То, что он говорил, звучало как набор противоречий.
– Мое поведение не может быть естественным, когда я вынуждена играть.
Гроус возвел глаза к потолку. После недолгой паузы он подался вперед, нависая над Алионой:
– Видите ли, госпожа Ламарин, – процедил он, – дело в том, что меня не волнуют ваши взгляды на то, как нужно вести себя в той или иной ситуации. Вы просто будете делать так, как я скажу. Я требую полного послушания.
Щеки Алионы залило гневным румянцем. Данни попытался встать, но Гроус – теперь не фигурально, а на самом деле, при помощи магии – заставил его оставаться в кресле.
Алиона чувствовала, как сердце бьется в горле от злости и нервного напряжения. Именно этого она опасалась! Но к этому же и была готова.
– Не думайте, что можете разговаривать со мной в таком тоне! – прошипела она яростно, чувствуя, как раздуваются крылья носа. – Кем вы себя возомнили?
Гроус отстранился, продолжая сидеть на столе. На его лице появилась самодовольная ухмылка.

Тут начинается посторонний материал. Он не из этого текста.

(* Let $\varphi(x)=\sum_{i\ge0}\gamma_ix^i\in\mathbb{K}[[x]]$ and let $k\ge0$ be an integer. Then $$\sum_{i=0}^m(-1)^i\binom{2m+2k-1}{m-i}\binom{m+i}{i}\gamma_{m+i-1}=0$$ for each $m\ge1$ if and only if there is a power series $\psi(y)\in\mathbb{K}[[y]]$ such that $$\sum_{i\ge0}\gamma_ix^i=\frac1x\cdot\frac{d^{2k-1}}{dx^{2k-1}}\left[\frac{x^{2k}}{1-x}\,\psi\!\left(\frac{x^2}{1-x}\right)\right],$$ where for $k=0$ the operator $\frac{d^{-1}}{dx^{-1}}$ means formal term-by-term integration with vanishing constant of integration. If $k\ge1$, this last condition is equivalent to the existence of $\rho(y)\in\mathbb{K}[[y]]$ with $$\sum_{i\ge0}\gamma_ix^i=\frac1x\cdot\frac{d^{2k-1}}{dx^{2k-1}}\left[x^{2k-2}\rho\!\left(\frac{x^2}{1-x}\right)\right].$$
   Context: $\mathbb{K}\in\{\mathbb{Q},\mathbb{R},\mathbb{C}\}$. All operations (composition, differentiation, integration) are formal operations on formal power series. *)

(* Formal power series over a field K are represented by
   their coefficient sequences  nat -> K  (f n = coefficient of x^n). *)
From HB Require Import structures.
From mathcomp Require Import all_boot all_order all_algebra.
Set Implicit Arguments. Unset Strict Implicit. Unset Printing Implicit Defensive.
Import Order.TTheory GRing.Theory Num.Theory.
Local Open Scope ring_scope.

Section FPS.
Variable K : fieldType.

Definition fps := nat -> K.

Definition fps_Xn (n : nat) : fps := fun i => if i == n then 1 else 0.

Definition fps_geom : fps := fun _ => 1.

Definition fps_mul (f g : fps) : fps :=
  fun n => \sum_(i < n.+1) f i * g (n - i)%N.

Definition fps_exp (f : fps) (j : nat) : fps := iter j (fps_mul f) (fps_Xn 0).

(* composition psi(u(x)), meaningful when u has zero constant term: the
   coefficient of x^n only involves psi_0 .. psi_n since u^j has valuation >= j *)
Definition fps_comp (psi u : fps) : fps :=
  fun n => \sum_(j < n.+1) psi j * fps_exp u j n.

(* the series x^2/(1-x) = sum_{i>=2} x^i *)
Definition fps_u : fps := fun i => if (2 <= i)%N then 1 else 0.

Definition fps_deriv (f : fps) : fps := fun n => f n.+1 *+ n.+1.

Definition fps_integ (f : fps) : fps :=
  fun n => if n is n'.+1 then f n' / n%:R else 0.

(* the operator d^{2k-1}/dx^{2k-1}; for k = 0 it is integration d^{-1}/dx^{-1} *)
Definition fps_Dodd (k : nat) (f : fps) : fps :=
  if k is k'.+1 then iter (2 * k').+1 fps_deriv f else fps_integ f.

End FPS.

From HB Require Import structures.
From mathcomp Require Import all_boot all_order all_algebra.
From mathcomp Require Import zify ring.
From Stdlib Require Import FunctionalExtensionality.
Set Implicit Arguments. Unset Strict Implicit. Unset Printing Implicit Defensive.
Import Order.TTheory GRing.Theory Num.Theory.
Local Open Scope ring_scope.

(* Let u = x^2/(1-x). The coefficients of u^j/(1-x) are 'C(p - j, j), so
   x^(2k)/(1-x) psi(u) has coefficient binsum psi p = sum_l psi_l 'C(p - l, l)
   at x^(p+2k), while d^(2k-1)/dx^(2k-1) (integration if k = 0) maps x^(p+2k)
   to (p+2k)!/(p+1)! x^(p+1). The series identity thus says exactly
   gamma_p = (p+2k)!/(p+1)! binsum psi p. Substituting this, the m-th sum is,
   up to a nonzero factor, the m-th alternating binomial difference of
   i |-> binsum psi (m-1+i); there 'C(m-1+i-l, l) is a polynomial of degree
   l in i for l < m and vanishes for l >= m, so the difference is zero.
   Conversely, the values gamma_(2j) determine psi through a unitriangular
   system, and the m-th condition then fixes gamma_(2m-1) in terms of lower
   coefficients. For k >= 1, rho(y) = rho_0 + y rho'(y) gives
   x^(2k-2) rho(u) = rho_0 x^(2k-2) + x^(2k)/(1-x) rho'(u), and the derivative
   of order 2k-1 kills x^(2k-2). *)

Lemma sum_ord_zero_tail (V : nmodType) (F : nat -> V) n m : (n <= m)%N ->
  (forall l, (n <= l < m)%N -> F l = 0) ->
  \sum_(l < m) F l = \sum_(l < n) F l.
Proof.
move=> le_nm F0; rewrite -!(big_mkord xpredT F) (big_cat_nat (leq0n n) le_nm).
by rewrite /= [X in _ + X]big_nat_cond [X in _ + X]big1 ?addr0 // => l /andP[/F0].
Qed.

– А теперь скажите откровенно, вы ощутили страх передо мной? Учитывая мою репутацию и нашу разницу в возрасте? Отвечайте честно.
Обескураженная такой резкой сменой настроения, она нахмурила брови.

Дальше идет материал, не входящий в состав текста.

(* Let $\mathscr{D}$ be a commutative variety, $L:X^{\circledast}\to Y$ a language, and $l,r:E\to X^{\circledast}$ its syntactic congruence. Let $e_L:X^{\circledast}\twoheadrightarrow \mathrm{Syn}(L)$ be the coequalizer of $l,r$ in $\mathbf{Mon}(\mathscr{D})$ (i.e. the quotient $X^{\circledast}/E$). Then there is a unique morphism $f_L:\mathrm{Syn}(L)\to Y$ in $\mathscr{D}$ with $L=f_L\cdot e_L$, and $(\mathrm{Syn}(L),e_L,f_L)$ is the syntactic $\mathscr{D}$-monoid of $L$: $e_L$ recognizes $L$ via $f_L$, and for every surjective $\mathscr{D}$-monoid morphism $e:X^{\circledast}\twoheadrightarrow M$ and morphism $f:M\to Y$ with $L=f\cdot e$ there is a (unique, surjective) $\mathscr{D}$-monoid morphism $h:M\to\mathrm{Syn}(L)$ with $e_L=h\cdot e$ (and then $f=f_L\cdot h$).
   Context: A commutative variety $\mathscr{D}$ is a variety of finitary algebras in which for all $A,B$ the hom-set $\mathscr{D}(A,B)$ is a subalgebra $[A,B]$ of $B^{|A|}$; it has tensor products representing bimorphisms (maps homomorphic in each variable) and is symmetric monoidal closed. A $\mathscr{D}$-monoid is an algebra $M$ of $\mathscr{D}$ with a monoid structure $(|M|,\bullet,i)$ whose multiplication is a bimorphism; $\mathbf{Mon}(\mathscr{D})$ is the category of $\mathscr{D}$-monoids and homomorphisms that are both $\mathscr{D}$-morphisms and monoid morphisms. $X^{\circledast}$ is the free $\mathscr{D}$-monoid on a fixed object $X$; $Y$ is a fixed object. A language is a morphism $L:X^{\circledast}\to Y$. A $\mathscr{D}$-monoid morphism $e:X^{\circledast}\to M$ recognizes $L$ via $f:M\to Y$ if $L=f\cdot e$. The syntactic congruence of $L$ is $E=\{(u,v)\in|X^{\circledast}|^2\mid\forall x,y:\ L(x\bullet u\bullet y)=L(x\bullet v\bullet y)\}$, with projections $l,r:E\to X^{\circledast}$. The syntactic $\mathscr{D}$-monoid is the smallest $X$-generated $\mathscr{D}$-monoid (surjective $\mathscr{D}$-monoid morphism out of $X^{\circledast}$, ordered by factorization) recognizing $L$. *)

From mathcomp Require Import all_boot.
Set Implicit Arguments. Unset Strict Implicit. Unset Printing Implicit Defensive.

Record signature := Signature { op :> Type; arity : op -> nat }.

Unset Implicit Arguments.
Inductive term (S : signature) : Type :=
| Var : nat -> term S
| App : forall o : op S, ('I_(arity o) -> term S) -> term S.

Set Implicit Arguments.
Record algebra (S : signature) := Algebra {
  carrier :> Type;
  interp : forall o : op S, ('I_(arity o) -> carrier) -> carrier }.

Fixpoint eval (S : signature) (A : algebra S) (v : nat -> A) (t : term S) : A :=
  match t with
  | Var n => v n
  | App o ts => @interp S A o (fun i => @eval S A v (ts i))
  end.

Record variety := Variety { vsig : signature; veqs : term vsig -> term vsig -> Prop }.

Definition in_variety (D : variety) (A : algebra (vsig D)) : Prop :=
  forall s t, @veqs D s t -> forall v : nat -> A, eval v s = eval v t.

Definition is_hom (S : signature) (A B : algebra S) (f : A -> B) : Prop :=
  forall (o : op S) (args : 'I_(arity o) -> A),
    f (@interp S A o args) = @interp S B o (fun i => f (args i)).

(* Commutative variety: every hom-set D(A,B) is a subalgebra of B^|A|, i.e. closed
   under pointwise application of every operation. *)
Definition commutative_variety (D : variety) : Prop :=
  forall (A B : algebra (vsig D)), in_variety A -> in_variety B ->
  forall (o : op (vsig D)) (hs : 'I_(arity o) -> A -> B),
    (forall i, is_hom (hs i)) ->
    is_hom (fun a : A => @interp (vsig D) B o (fun i => hs i a)).

Record dmonoid (D : variety) := DMonoid {
  dm_alg :> algebra (vsig D);
  dm_mul : dm_alg -> dm_alg -> dm_alg;
  dm_one : dm_alg }.

Definition is_dmonoid (D : variety) (M : dmonoid D) : Prop :=
  [/\ in_variety (dm_alg M),
      (forall a b c : M, dm_mul a (dm_mul b c) = dm_mul (dm_mul a b) c),
      (forall a : M, dm_mul (dm_one M) a = a),
      (forall a : M, dm_mul a (dm_one M) = a) &
      ((forall a : M, is_hom (dm_mul a)) /\
       (forall b : M, is_hom (fun a : M => dm_mul a b)))].

Definition is_mon_hom (D : variety) (M N : dmonoid D) (h : M -> N) : Prop :=
  [/\ is_hom h, h (dm_one M) = dm_one N &
      forall a b : M, h (dm_mul a b) = dm_mul (h a) (h b)].

Definition is_free_dmonoid (D : variety) (X : algebra (vsig D))
    (F : dmonoid D) (eta : X -> F) : Prop :=
  [/\ is_dmonoid F, is_hom eta &
      forall (M : dmonoid D), is_dmonoid M ->
      forall g : X -> M, is_hom g ->
      exists g' : F -> M,
        [/\ is_mon_hom g', (forall x, g' (eta x) = g x) &
            forall g'' : F -> M, is_mon_hom g'' -> (forall x, g'' (eta x) = g x) ->
              forall w, g'' w = g' w]].

Definition syntactic_congruence (D : variety) (F : dmonoid D) (Y : Type)
    (L : F -> Y) (u v : F) : Prop :=
  forall x y : F, L (dm_mul (dm_mul x u) y) = L (dm_mul (dm_mul x v) y).

(* e : F -> S is a coequalizer in Mon(D) of the two projections l, r : E -> F
   of the relation E (unfolded: g . l = g . r  iff  g identifies all pairs of E). *)
Definition is_coequalizer_Mon (D : variety) (F S : dmonoid D)
    (E : F -> F -> Prop) (e : F -> S) : Prop :=
  [/\ is_dmonoid S, is_mon_hom e, (forall u v, E u v -> e u = e v) &
      forall (N : dmonoid D), is_dmonoid N ->
      forall g : F -> N, is_mon_hom g -> (forall u v, E u v -> g u = g v) ->
      exists h : S -> N,
        [/\ is_mon_hom h, (forall w, g w = h (e w)) &
            forall h' : S -> N, is_mon_hom h' -> (forall w, g w = h' (e w)) ->
              forall s, h' s = h s]].

From mathcomp Require Import all_boot.
From Stdlib Require Import ClassicalEpsilon FunctionalExtensionality.
From Stdlib Require Import PropExtensionality ProofIrrelevance.

Set Implicit Arguments.
Unset Strict Implicit.
Unset Printing Implicit Defensive.

(* The syntactic congruence E of a morphism L is a congruence of D-monoids,
   so X^*/E is a D-monoid; comparing it with Syn(L) through the universal
   property of the coequalizer shows that e_L is surjective with kernel
   exactly E.  Everything else is factorization through surjections: L is
   constant on E-classes, which gives f_L, and the kernel of any recognizer
   e of L is contained in E, which gives h. *)

Record dm_congruence (D : variety) (M : dmonoid D) (R : M -> M -> Prop) : Prop :=
  DMCongruence {
    cong_refl : forall a, R a a;
    cong_sym : forall a b, R a b -> R b a;
    cong_trans : forall a b c, R a b -> R b c -> R a c;
    cong_op : forall o (us vs : 'I_(arity o) -> M),
      (forall i, R (us i) (vs i)) -> R (interp us) (interp vs);
    cong_mul : forall a a' b b', R a a' -> R b b' ->
      R (dm_mul a b) (dm_mul a' b') }.

Lemma mon_hom_id (D : variety) (M : dmonoid D) : is_mon_hom (fun a : M => a).
Proof. by []. Qed.

Lemma mon_hom_comp (D : variety) (M N P : dmonoid D) (f : M -> N) (g : N -> P) :
  is_mon_hom f -> is_mon_hom g -> is_mon_hom (fun a => g (f a)).
Proof.
case=> f_op f_one f_mul [g_op g_one g_mul].
by split=> [o us | | a b]; rewrite ?f_op ?g_op ?f_one ?g_one ?f_mul ?g_mul.
Qed.

Section Quotient.

Variables (D : variety) (M : dmonoid D) (R : M -> M -> Prop).
Hypotheses (hM : is_dmonoid M) (hR : dm_congruence R).

Definition qrepr (a : M) : M := epsilon (inhabits (dm_one M)) (R^~ a).

Lemma qrepr_rel a : R (qrepr a) a.
Proof. exact: (epsilon_spec _ (R^~ a) (ex_intro _ a (cong_refl hR a))). Qed.

Lemma qrepr_eq a b : R a b -> qrepr a = qrepr b.
Proof.
move=> Rab; rewrite /qrepr; congr epsilon.
apply: functional_extensionality => z; apply: propositional_extensionality.
split=> Rz; first exact: (cong_trans hR Rz Rab).
exact: (cong_trans hR Rz (cong_sym hR Rab)).
Qed.

Lemma qrepr_idem a : qrepr (qrepr a) = qrepr a.
Proof. exact: qrepr_eq (qrepr_rel a). Qed.

Definition qtype : Type := {a : M | qrepr a = a}.

Definition qproj (a : M) : qtype := exist _ (qrepr a) (qrepr_idem a).

Lemma qval_inj (p q : qtype) : sval p = sval q -> p = q.
Proof. by apply: eq_sig_hprop => a; exact: proof_irrelevance. Qed.

Lemma qprojK (q : qtype) : qproj (sval q) = q.
Proof. by apply: qval_inj; case: q. Qed.

Lemma qproj_eq a b : R a b -> qproj a = qproj b.
Proof. by move=> Rab; apply: qval_inj; exact: qrepr_eq. Qed.

Lemma qproj_rel a b : qproj a = qproj b -> R a b.
Proof.
move=> /(f_equal sval) /= Eab.
apply: (cong_trans hR (cong_sym hR (qrepr_rel a))); rewrite Eab; exact: qrepr_rel.
Qed.

Definition quot_alg : algebra (vsig D) :=
  @Algebra (vsig D) qtype (fun o qs => qproj (interp (fun i => sval (qs i)))).

Definition quot_dmonoid : dmonoid D :=
  @DMonoid D quot_alg (fun p q => qproj (dm_mul (sval p) (sval q)))
    (qproj (dm_one M)).

Lemma qproj_op o (us : 'I_(arity o) -> M) :
  qproj (interp us) = @interp _ quot_dmonoid o (fun i => qproj (us i)).
Proof.
by apply: qproj_eq; apply: (cong_op hR) => i; exact: (cong_sym hR (qrepr_rel _)).
Qed.

Lemma qproj_mul a b :
  qproj (dm_mul a b) = @dm_mul _ quot_dmonoid (qproj a) (qproj b).
Proof.
by apply: qproj_eq; apply: (cong_mul hR); exact: (cong_sym hR (qrepr_rel _)).
Qed.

– Возможно, у меня возникло чувство… дискомфорта.
Он кивнул.
– Можете облечь это в такую форму, если удобнее. Главное, ответьте на этот вопрос себе.
«Безусловно».
– Но ваш ответ на мои слова был резким. Вами руководили эмоции, но в первую очередь вы заботились о своем будущем спокойствии. Вы притворялись более смелой, чем есть на самом деле, чтобы поставить меня на место и избавиться от диктатуры в дальнейшем. У вас была цель, – Гроус поднял одну руку, словно изображая чашу весов, – и было доступное средство, – он поднял вторую руку.
Чаши весов уравновесились. Гроус внимательно смотрел на Алиону, которая глубоко задумалась.
– Вы поступаете так постоянно. В своем общении с людьми вы притворяетесь гораздо чаще, чем вам хотелось бы думать. Это и называется «взаимоотношения».
Алиона была младшей из трех детей Ламаринов, к тому же единственной дочерью, поэтому ее всегда опекали и баловали сверх меры. Почему при этом она не выросла зефирной принцессой? Что ж, сколько о ней заботились, столько же и подчиняли, «воспитывали», отчитывали, ограничивали. Каждый в семье считал своим долгом давать ей указания, что и как делать. Когда терпеть это стало невыносимо, она ушла из дома. Это были восемь часов, наполненные страхом и восторгом.
Ее нашли и вернули домой. Она кричала, что ей уже пятнадцать. Все кричали что-то в ответ. Когда страсти чуть поутихли, Алиону выслушали и пообещали давать больше свободы.
Разумеется, все не изменилось в одночасье, но стало терпимее.
Как наследница большого состояния, финансово Алиона не нуждалась в работе. Она все еще училась, якобы выбрав ученую степень в качестве цели на ближайшее десятилетие. Но сердцем мечтала испытать себя, узнать, чего стоит на самом деле.
Предстоящую кражу она воспринимала как возможность вырваться из семейного гнезда и проявить самостоятельность. Сделать, наконец, что-то полезное. Изведать глубины собственной личности.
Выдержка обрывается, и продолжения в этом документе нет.